Statuto dell’Associazione Manodopera

ATTO COSTITUTIVO DI ASSOCIAZIONE – REPUBBLICA ITALIANA
Repertorio numero 72.545 Raccolta numero 23.505

L’anno duemilaotto il giorno quattordici del mese di gennaio (14.01.2008) in Firenze, via Ciro Menotti n. 6, nel mio studio.

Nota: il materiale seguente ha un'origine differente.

Lemma affine_on_cat g x y z k : affine_on g x y k -> affine_on g y z k ->
  x <= y -> y <= z -> affine_on g x z k.
Proof.
move=> H1 H2 h1 h2 t /andP[t1 t2].
have [ty|ty] := leP t y; first by apply: H1; apply/andP; split.
rewrite H2; last by apply/andP; split; lra.
rewrite H1; last by apply/andP; split; lra.
ring.
Qed.

Lemma affine_on_slope_uniq g x y k x' y' k' a b :
  affine_on g x y k -> affine_on g x' y' k' ->
  x <= a -> x' <= a -> a < b -> b <= y -> b <= y' -> k = k'.
Proof.
move=> H1 H2 h1 h2 hab h3 h4.
have E1 := affine_on_sub H1 h1 (ltW hab) h3.
have E2 := affine_on_sub H2 h2 (ltW hab) h4.
have hb : a <= b <= b by rewrite lexx ltW.
have hne : b - a != 0 by rewrite subr_eq0 gt_eqF.
by have := E1 b hb; rewrite (E2 b hb) => /addrI /(mulIf hne) /intr_inj.
Qed.

End AffinePieces.

Section SortedReals.
Variable R : realFieldType.
Implicit Types s : seq R.

Lemma sorted_nth_lt s i j : sorted <%R s -> (i < j)%N -> (j < size s)%N ->
  nth 0 s i < nth 0 s j.
Proof.
move=> hs ij js; apply: (sorted_ltn_nth lt_trans) => //; rewrite inE //.
exact: ltn_trans ij js.
Qed.

Lemma sorted_nth_le s i j : sorted <%R s -> (i <= j)%N -> (j < size s)%N ->
  nth 0 s i <= nth 0 s j.
Proof.
move=> hs; rewrite leq_eqVlt => /orP[/eqP->|ij] js; first exact: lexx.
exact/ltW/sorted_nth_lt.
Qed.

Lemma sorted_locate s x : sorted <%R s -> nth 0 s 0 <= x -> x < last 0 s ->
  exists i, (i.+1 < size s)%N /\ nth 0 s i <= x < nth 0 s i.+1.
Proof.
elim: s => [|a s IH]; first by move=> _ /= h1 h2; lra.
case: s IH => [|b s] IH /=; first by move=> _ h1 h2; lra.
move=> /andP[ab sb] h1 h2.
have [xb|bx] := ltP x b; first by exists 0%N; split => //; rewrite h1 xb.
by have [i [hi hx]] := IH sb bx h2; exists i.+1.
Qed.

Lemma sorted_gap_free s i x : sorted <%R s -> x \in s -> (i.+1 < size s)%N ->
  ~~ (nth 0 s i < x < nth 0 s i.+1).
Proof.
move=> srt xs hi; apply/negP => /andP[h1 h2].
have jl : (index x s < size s)%N by rewrite index_mem.
have hj := nth_index 0 xs.
have [ji|ij] := leqP (index x s) i.
  by have := sorted_nth_le srt ji (ltnW hi); rewrite hj; lra.
by have := sorted_nth_le srt ij jl; rewrite hj; lra.
Qed.

End SortedReals.
End ChainRule.

(** * Fuglede's criterion *)

Lemma open_m_preimage m W (Φ : pt -> C) (V : R -> R -> Prop) :
  open_m m W -> (forall x, W x -> ccont m Φ x) -> open_m 2 (fun y => V (y 0%nat) (y 1%nat)) ->
  open_m m (fun x => W x /\ V (Re (Φ x)) (Im (Φ x))).
Proof.
  intros Ho Hc HV x [Wx Vx].
  destruct (Ho x Wx) as [e1 [He1 K1]].
  destruct (HV (pt2 (Re (Φ x)) (Im (Φ x))) Vx) as [e2 [He2 K2]].
  destruct (Hc x Wx) as [C1 C2].
  destruct (C1 e2 He2) as [d1 [Hd1 L1]]. destruct (C2 e2 He2) as [d2 [Hd2 L2]].
  exists (Rmin e1 (Rmin d1 d2)). split; [repeat apply Rmin_pos; auto|].
  intros y Hy. pose proof (Rmin_l e1 (Rmin d1 d2)); pose proof (Rmin_r e1 (Rmin d1 d2)).
  pose proof (Rmin_l d1 d2); pose proof (Rmin_r d1 d2).
  split; [apply K1, (near_m_mono _ _ _ _ _ Hy); lra|].
  apply (K2 (pt2 (Re (Φ y)) (Im (Φ y)))). intros k Hk. destruct k as [|[|k]]; [| |lia].
  - apply L1, (near_m_mono _ _ _ _ _ Hy); lra.
  - apply L2, (near_m_mono _ _ _ _ _ Hy); lra.
Qed.

(* The trace equals [g_uu Re κ + ½ (g_uv + g_vu) Im κ + g_u Re τ + g_v Im τ + Δg Σ_k (Im ∂_kΦ)²]. *)
Lemma trace_d2comp_zero m g (Φ : pt -> C) Φ1 Φ2 x :
  csum m (fun k => Φ1 k x * Φ1 k x)%C = 0%C -> csum m (fun k => Φ2 k k x) = 0%C ->
  du (du g) (Re (Φ x)) (Im (Φ x)) + dv (dv g) (Re (Φ x)) (Im (Φ x)) = 0 ->
  rsum m (fun k => d2comp g (fun x => Re (Φ x)) (fun x => Im (Φ x))
     (fun j x => Re (Φ1 j x)) (fun j x => Im (Φ1 j x))
     (fun j k x => Re (Φ2 j k x)) (fun j k x => Im (Φ2 j k x)) k k x) = 0.
Proof.
  intros K T Lap.
  assert (KR := f_equal Re K). assert (KI := f_equal Im K).
  assert (TR := f_equal Re T). assert (TI := f_equal Im T).
  rewrite Re_csum in KR, TR. rewrite Im_csum in KI, TI. simpl in KR, KI, TR, TI.
  set (u := Re (Φ x)) in *; set (v := Im (Φ x)) in *.
  unfold d2comp.
  rewrite (rsum_ext _ _ (fun k =>
     du (du g) u v * (Re (Φ1 k x) * Re (Φ1 k x) - Im (Φ1 k x) * Im (Φ1 k x))
     + ((dv (du g) u v + du (dv g) u v) / 2) * (Re (Φ1 k x) * Im (Φ1 k x) + Im (Φ1 k x) * Re (Φ1 k x))
     + du g u v * Re (Φ2 k k x) + dv g u v * Im (Φ2 k k x)
     + (du (du g) u v + dv (dv g) u v) * (Im (Φ1 k x) * Im (Φ1 k x))))
    by (intros k Hk; unfold u, v; field).
  rewrite !rsum_plus, !rsum_scal. unfold Re, Im in *. rewrite KR, KI, TR, TI, Lap. ring.
Qed.

Lemma harmonic_comp_real m W Φ Φ1 Φ2 (V : R -> R -> Prop) (g : R -> R -> R) :
  open_m m W -> C2_with m W Φ Φ1 Φ2 ->
  (forall x, W x -> csum m (fun k => Φ1 k x * Φ1 k x)%C = 0%C /\ csum m (fun k => Φ2 k k x) = 0%C) ->
  open_m 2 (fun y => V (y 0%nat) (y 1%nat)) ->
  C2_on 2 (fun y => V (y 0%nat) (y 1%nat)) (fun y => g (y 0%nat) (y 1%nat)) ->
  (forall y, V (y 0%nat) (y 1%nat) -> lap 2 (fun y => g (y 0%nat) (y 1%nat)) y = 0) ->
  C2_on m (fun x => W x /\ V (Re (Φ x)) (Im (Φ x))) (fun x => g (Re (Φ x)) (Im (Φ x))) /\
  forall x, W x /\ V (Re (Φ x)) (Im (Φ x)) -> lap m (fun x => g (Re (Φ x)) (Im (Φ x))) x = 0.
Proof.
  intros Ho [D DD] TK HoV C2g Lg.
  set (W' := fun x => W x /\ V (Re (Φ x)) (Im (Φ x))).
  assert (S : forall x, W' x -> W x) by (intros x [A _]; auto).
  assert (Ho' : open_m m W') by (apply open_m_preimage; auto; intros x Wx; apply (D x Wx)).
  assert (RΦ : forall G G1, C1_with m W G G1 ->
     C1_real_with m W' (fun x => Re (G x)) (fun j x => Re (G1 j x)) /\
     C1_real_with m W' (fun x => Im (G x)) (fun j x => Im (G1 j x))).
  { intros G G1 DG. apply C1_real_with_of_C1_with, (C1_with_sub _ W); auto. }
  assert (Lg' : forall x, W' x -> locally_2d (C2_at g) (Re (Φ x)) (Im (Φ x)))
    by (intros x [_ Vx]; apply (C2_at_locally V); auto).
  set (a := fun j x => Re (Φ1 j x)); set (b := fun j x => Im (Φ1 j x)).
  set (a2 := fun j k x => Re (Φ2 j k x)); set (b2 := fun j k x => Im (Φ2 j k x)).
  split.
  - apply (C2_on_comp m W' g _ _ a b a2 b2); auto;
      try apply RΦ; auto; intros j Hj; apply RΦ; auto.
  - intros x Wx'. rewrite (lap_comp m W' g _ _ a b a2 b2); auto;
      try apply RΦ; auto; try (intros j Hj; apply RΦ; auto).
    destruct Wx' as [Wx Vx]. destruct (TK x Wx) as [K T].
    apply trace_d2comp_zero; auto.
    pose proof (Lg (pt2 (Re (Φ x)) (Im (Φ x))) Vx) as L.
    change (0 + du (du g) (Re (Φ x)) (Im (Φ x)) + dv (dv g) (Re (Φ x)) (Im (Φ x)) = 0) in L. lra.
Qed.
(* Let $\{d_i,\mathcal F_i\}_{i=1}^n$ be a (real-valued) martingale difference sequence. Suppose $v_{i-1}$, $i\in[n]$, are positive $\mathcal F_{i-1}$-measurable random variables such that $\mathbb E[\exp(\lambda d_i)\mid\mathcal F_{i-1}]\le\exp\!\left(\frac{\lambda^2}{2}v_{i-1}\right)$ for all $i\in[n]$ and all $\lambda>0$. Let $S_t=\sum_{i=1}^t d_i$ and $V_t=\sum_{i=1}^t v_{i-1}$. Let $\alpha_i\ge0$ and $\alpha=\max_{i\in[n]}\alpha_i$. Then for all $x,\beta>0$, \[ \Pr\!\left[\bigcup_{t=1}^n\left\{S_t\ge x\ \text{and}\ V_t\le\sum_{i=1}^t\alpha_i d_i+\beta\right\}\right]\le\exp\!\left(-\frac{x}{4\alpha+8\beta/x}\right). \]
   Context: $[n]=\{1,\dots,n\}$. *)

From HB Require Import structures.
From mathcomp Require Import all_boot all_order all_algebra.
From mathcomp Require Import all_classical all_reals all_analysis.
Set Implicit Arguments. Unset Strict Implicit. Unset Printing Implicit Defensive.
Import Order.TTheory GRing.Theory Num.Theory.
Local Open Scope classical_set_scope.
Local Open Scope ring_scope.

Definition sub_sigma_algebra {d} {T : measurableType d} (G : set (set T)) :=
  sigma_algebra setT G /\ G `<=` measurable.

Definition measurable_wrt {d} {T : measurableType d} {R : realType}
  (G : set (set T)) (X : T -> R) :=
  forall B : set R, measurable B -> G (X @^-1` B).

Definition filtration_upto {d} {T : measurableType d}
  (F : nat -> set (set T)) (n : nat) :=
  (forall i, (i <= n)%N -> sub_sigma_algebra (F i)) /\
  (forall i, (i < n)%N -> F i `<=` F i.+1).

(* {d_i, F_i}_{i=1}^n is a martingale difference sequence:
   d_i is F_i-measurable, integrable, and E[d_i | F_{i-1}] = 0, the latter
   written through the defining property of conditional expectation:
   int_A d_i dP = 0 for every A in F_{i-1}. *)
Definition mart_diff_seq {d} {T : measurableType d} {R : realType}
  (P : probability T R) (F : nat -> set (set T)) (dd : nat -> T -> R)
  (n : nat) :=
  filtration_upto F n /\
  forall i, (1 <= i <= n)%N ->
    [/\ measurable_wrt (F i) (dd i),
        P.-integrable setT (EFin \o dd i) &
        forall A, F i.-1 A -> (\int[P]_(x in A) (dd i x)%:E = 0)%E].

(* For nonnegative X and G-measurable real Y:  E[X | G] <= Y a.s.,
   expressed by the defining property of conditional expectation:
   int_A X dP <= int_A Y dP for all A in G. *)
Definition condexp_le {d} {T : measurableType d} {R : realType}
  (P : probability T R) (G : set (set T)) (X Y : T -> R) :=
  forall A, G A -> (\int[P]_(x in A) (X x)%:E <= \int[P]_(x in A) (Y x)%:E)%E.

(* For fixed [th], [c] and [lam_i = th + c * alpha_i], the conditional moment bound makes
   [M_t = exp (\sum_(i <= t) (lam_i d_i - lam_i^2 v_(i-1) / 2))] a nonnegative
   supermartingale with [M_0 = 1], so Ville's maximal inequality gives
   [P (M_t >= e^a for some t <= n) <= e^-a]. When [lam_i^2 / 2 <= c], on the event
   [log M_t >= th S_t + c \sum_(i <= t) alpha_i d_i - c V_t >= th x - c beta].
   Choosing [s = x / (alpha x + beta)], [c = s^2 / 2] and [th = s - c alpha] yields
   [th x - c beta = x^2 / (2 (alpha x + beta)) >= x / (4 alpha + 8 beta / x)]. *)

From Pilot Require Import Defs.
From HB Require Import structures.
From mathcomp Require Import all_boot all_order all_algebra.
From mathcomp Require Import all_classical all_reals all_analysis.
From mathcomp Require Import measurable_realfun ring lra.
Set Implicit Arguments. Unset Strict Implicit. Unset Printing Implicit Defensive.
Import Order.TTheory GRing.Theory Num.Theory.
Local Open Scope classical_set_scope.
Local Open Scope ring_scope.
Lemma continuous_on2_separated (S : pt -> Prop) (g h : pt -> R) (a b : R -> R) :
  continuous_on2 S g ->
  (forall p, S p -> continuity_pt a (fst p)) ->
  (forall p, S p -> continuity_pt b (snd p)) ->
  (forall p, h p = g p + a (fst p) + b (snd p)) ->
  continuous_on2 S h.
Proof.
  intros Hg Ha Hb Hh p Hp e He.
  destruct (Hg p Hp (e / 3) ltac:(lra)) as [d1 [Hd1 Hg']].
  destruct (continuity_pt_ball a _ (Ha p Hp) (e / 3) ltac:(lra)) as [d2 [Hd2 Ha']].
  destruct (continuity_pt_ball b _ (Hb p Hp) (e / 3) ltac:(lra)) as [d3 [Hd3 Hb']].
  exists (Rmin d1 (Rmin d2 d3)).
  pose proof (Rmin_l d1 (Rmin d2 d3)); pose proof (Rmin_r d1 (Rmin d2 d3)).
  pose proof (Rmin_l d2 d3); pose proof (Rmin_r d2 d3).
  split; [repeat apply Rmin_pos; assumption|].
  intros q Hq Hd. rewrite !Hh.
  pose proof (fst_dist2_le q p); pose proof (snd_dist2_le q p).
  specialize (Hg' q Hq ltac:(lra)).
  specialize (Ha' (fst q) ltac:(lra)). specialize (Hb' (snd q) ltac:(lra)).
  apply Rabs_def2 in Hg', Ha', Hb'. apply Rabs_def1; lra.
Qed.

Lemma partial_x_on_opp U f g :
  partial_x_on U f g -> partial_x_on U (fun p => - f p) (fun p => - g p).
Proof. intros Hf p Hp. exact (derivable_pt_lim_opp _ _ _ (Hf p Hp)). Qed.

Lemma partial_y_on_opp U f g :
  partial_y_on U f g -> partial_y_on U (fun p => - f p) (fun p => - g p).
Proof. intros Hf p Hp. exact (derivable_pt_lim_opp _ _ _ (Hf p Hp)). Qed.
(* There exist a constant $c>0$ and a sequence of graphs $G_1,G_2,\dots$, where $G_m$ has $n_m$ vertices and $n_m\to\infty$, such that the number of copies of $C_5$ in $G_m$ is $o(n_m^{2.442})$ as $m\to\infty$, and for every $m$, deleting fewer than $c\, n_m^{3/2}$ edges from $G_m$ never yields a triangle-free graph.
   Context: $C_5$ is the cycle on $5$ vertices; a copy of $C_5$ is a subgraph isomorphic to $C_5$. (Informally: there exist $n$-vertex graphs with $o(n^{2.442})$ copies of $C_5$ that cannot be made triangle-free by deleting $o(n^{3/2})$ edges.) *)

From mathcomp Require Import all_boot.
From Stdlib Require Import Reals.
Set Implicit Arguments. Unset Strict Implicit. Unset Printing Implicit Defensive.

Definition simple_graph (n : nat) (E : {set {set 'I_n}}) : Prop :=
  forall e, e \in E -> #|e| = 2.

Definition C5_edges (n : nat) (f : 'I_5 -> 'I_n) : {set {set 'I_n}} :=
  [set [set f i; f (ordS i)] | i : 'I_5].

Definition is_C5_copy (n : nat) (S : {set {set 'I_n}}) : bool :=
  [exists f : {ffun 'I_5 -> 'I_n}, injectiveb f && (S == C5_edges f)].

Definition num_C5 (n : nat) (E : {set {set 'I_n}}) : nat :=
  #|[set S in powerset E | is_C5_copy S]|.

Definition has_triangle (n : nat) (F : {set {set 'I_n}}) : Prop :=
  exists x y z : 'I_n, [/\ x != y, y != z, x != z &
    [/\ [set x; y] \in F, [set y; z] \in F & [set x; z] \in F]].

Definition triangle_free (n : nat) (F : {set {set 'I_n}}) : Prop :=
  ~ has_triangle F.

From mathcomp Require Import all_boot.
From Stdlib Require Import Reals Lra Psatz BinNat.
(* Stdlib's [Nat.pow] notation shadows ssrnat's [^] on [nat]; re-importing restores [expn]. *)
Import ssrnat.
Set Implicit Arguments. Unset Strict Implicit. Unset Printing Implicit Defensive.

(* The graphs are the tensor powers of the tensor product B of four copies of GH and
   thirteen copies of K3, where GH is the collinearity graph of the generalized hexagon
   GH(2,8).  In GH and in K3 every edge lies in exactly one triangle, a property preserved
   by tensor products; so the triangles of every power of B are edge-disjoint, and a
   triangle-free subgraph must miss at least (number of ordered triangles)/6 edges.  Under
   tensor products the numbers of vertices and of ordered triangles multiply, and the
   number of closed 5-walks, which bounds the number of copies of C5, at most multiplies.
   GH has 819 vertices, 819 * 18 ordered triangles and, being vertex-transitive,
   819 * 1530 closed 5-walks; K3 has 3, 6 and 30.  Thus the k-th power of B has
   n = (819^4 3^13)^k vertices, at least n^(3/2) ordered triangles, and at most
   ((819 * 1530)^4 30^13)^k = o(n^(105/43)) closed 5-walks, where 105/43 < 2.442. *)

(* Finite simple graphs whose triangles are pairwise edge-disjoint. *)
Record ltgraph := LTGraph {
  vertex :> finType;
  adj : rel vertex;
  adj_sym : symmetric adj;
  adj_irr : irreflexive adj;
  common_nbr_uniq : forall x y z z',
    adj x y -> adj x z -> adj y z -> adj x z' -> adj y z' -> z = z' }.
Arguments adj {G} : rename.

Lemma adj_neq (G : ltgraph) (x y : G) : adj x y -> x != y.
Proof. by apply: contraTneq => ->; rewrite adj_irr. Qed.

Definition arcs (G : ltgraph) : {set G * G} := [set p | adj p.1 p.2].

Definition triangles (G : ltgraph) : {set G * G * G} :=
  [set t | [&& adj t.1.1 t.1.2, adj t.1.2 t.2 & adj t.1.1 t.2]].

Definition closed_walks5 (G : ltgraph) : {set G * G * G * G * G} :=
  [set w | [&& adj w.1.1.1.1 w.1.1.1.2, adj w.1.1.1.2 w.1.1.2, adj w.1.1.2 w.1.2,
               adj w.1.2 w.2 & adj w.2 w.1.1.1.1]].

Definition closed_walks5_at (G : ltgraph) (x : G) : {set G * G * G * G} :=
  [set w | [&& adj x w.1.1.1, adj w.1.1.1 w.1.1.2, adj w.1.1.2 w.1.2,
               adj w.1.2 w.2 & adj w.2 x]].

Lemma card_rel_pairs (T : finType) (R : rel T) :
  #|[set p : T * T | R p.1 p.2]| = \sum_x #|[set y | R x y]|.
Proof.
transitivity (\sum_x \sum_(y | R x y) 1).
  by rewrite pair_big_dep -sum1_card; apply: eq_bigl => p; rewrite inE.
by apply: eq_bigr => x _; rewrite -sum1_card; apply: eq_bigl => y; rewrite inE.
Qed.

Lemma card_set4 (T : finType) (P : T -> T -> T -> T -> bool) :
  #|[set w : T * T * T * T | P w.1.1.1 w.1.1.2 w.1.2 w.2]| =
  \sum_a \sum_b \sum_c \sum_d P a b c d.
Proof.
rewrite -sum1_card !pair_bigA big_mkcond /=.
by apply: eq_bigr => w _; rewrite inE; case: (P _ _ _ _).
Qed.

Lemma eq_set2 (T : finType) (a b c d : T) :
  [set a; b] = [set c; d] -> (a = c /\ b = d) \/ (a = d /\ b = c).
Proof.
move=> abcd.
have ac : a \in [set c; d] by rewrite -abcd set21.
have bc : b \in [set c; d] by rewrite -abcd set22.
have ca : c \in [set a; b] by rewrite abcd set21.
have da : d \in [set a; b] by rewrite abcd set22.
case/set2P: ac => ?; case/set2P: bc => ?; subst; try by [left | right].
- by case/set2P: da => ->; left.
- by case/set2P: ca => ->; right.
Qed.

Davanti a me Dr. Aldo Zetti notaio in Firenze, iscritto nel Ruolo dei Distretti Notarili Riuniti di Firenze, Pistoia e Prato, sono comparsi i signori:
– BERNI GIULIANO, nato a Mercato Saraceno (FO) il 11 marzo 1953, residente a Bucine (AR), loc. Solata, via Caldiolo n. 12, codice fiscale: BRN GLN 53C11 F139H, cittadino italiano;
– ALESSANDRI LORENA, nata a Cesena (FO) il 17 giugno 1959, residente a Bucine (Ar), loc. Solata, via Caldiolo n. 12, codice fiscale: LSS LRN 59H57 C573A, cittadina italiana;
– VERDIANI CARLO ALBERTO, nato a Empoli il 15 novembre 1945, residente a Vinci (FI) via Pistoiese n. 166, codice fiscale: VRD CLL 45S15 D403G, cittadino italiano;
– MOROSI ANNALISA, nata a Firenze il 21 aprile 1943, residente Vinci (FI) via Pistoiese n. 166, codice fiscale: MRS NLS 43D61 D612B, cittadina italiana;
– DELLI MASSIMILIANO, nato a Firenze il 10 aprile 1954, residente a Scandicci (Fi), via Pace Mondiale n. 20, codice fiscale: DLL MSM 54D10 D612E, cittadino italiano;
– SCACCIATI ANITA, nata a Santiago del Cile – Cile – il 5 ottobre 1957, residente a Scandicci (Fi) via Pace Mondiale n. 20, codice fiscale: SCC NTA 57R45 Z603I, cittadina italiana.
Detti comparenti, delle cui identità personali io notaio sono certo, mi chiedono di ricevere il presente atto in forza del quale stipulano e convengono quanto segue:

1) Essi mi dichiarano di voler costituire, come col presente atto costituiscono un’associazione denominata “MANODOPERA”.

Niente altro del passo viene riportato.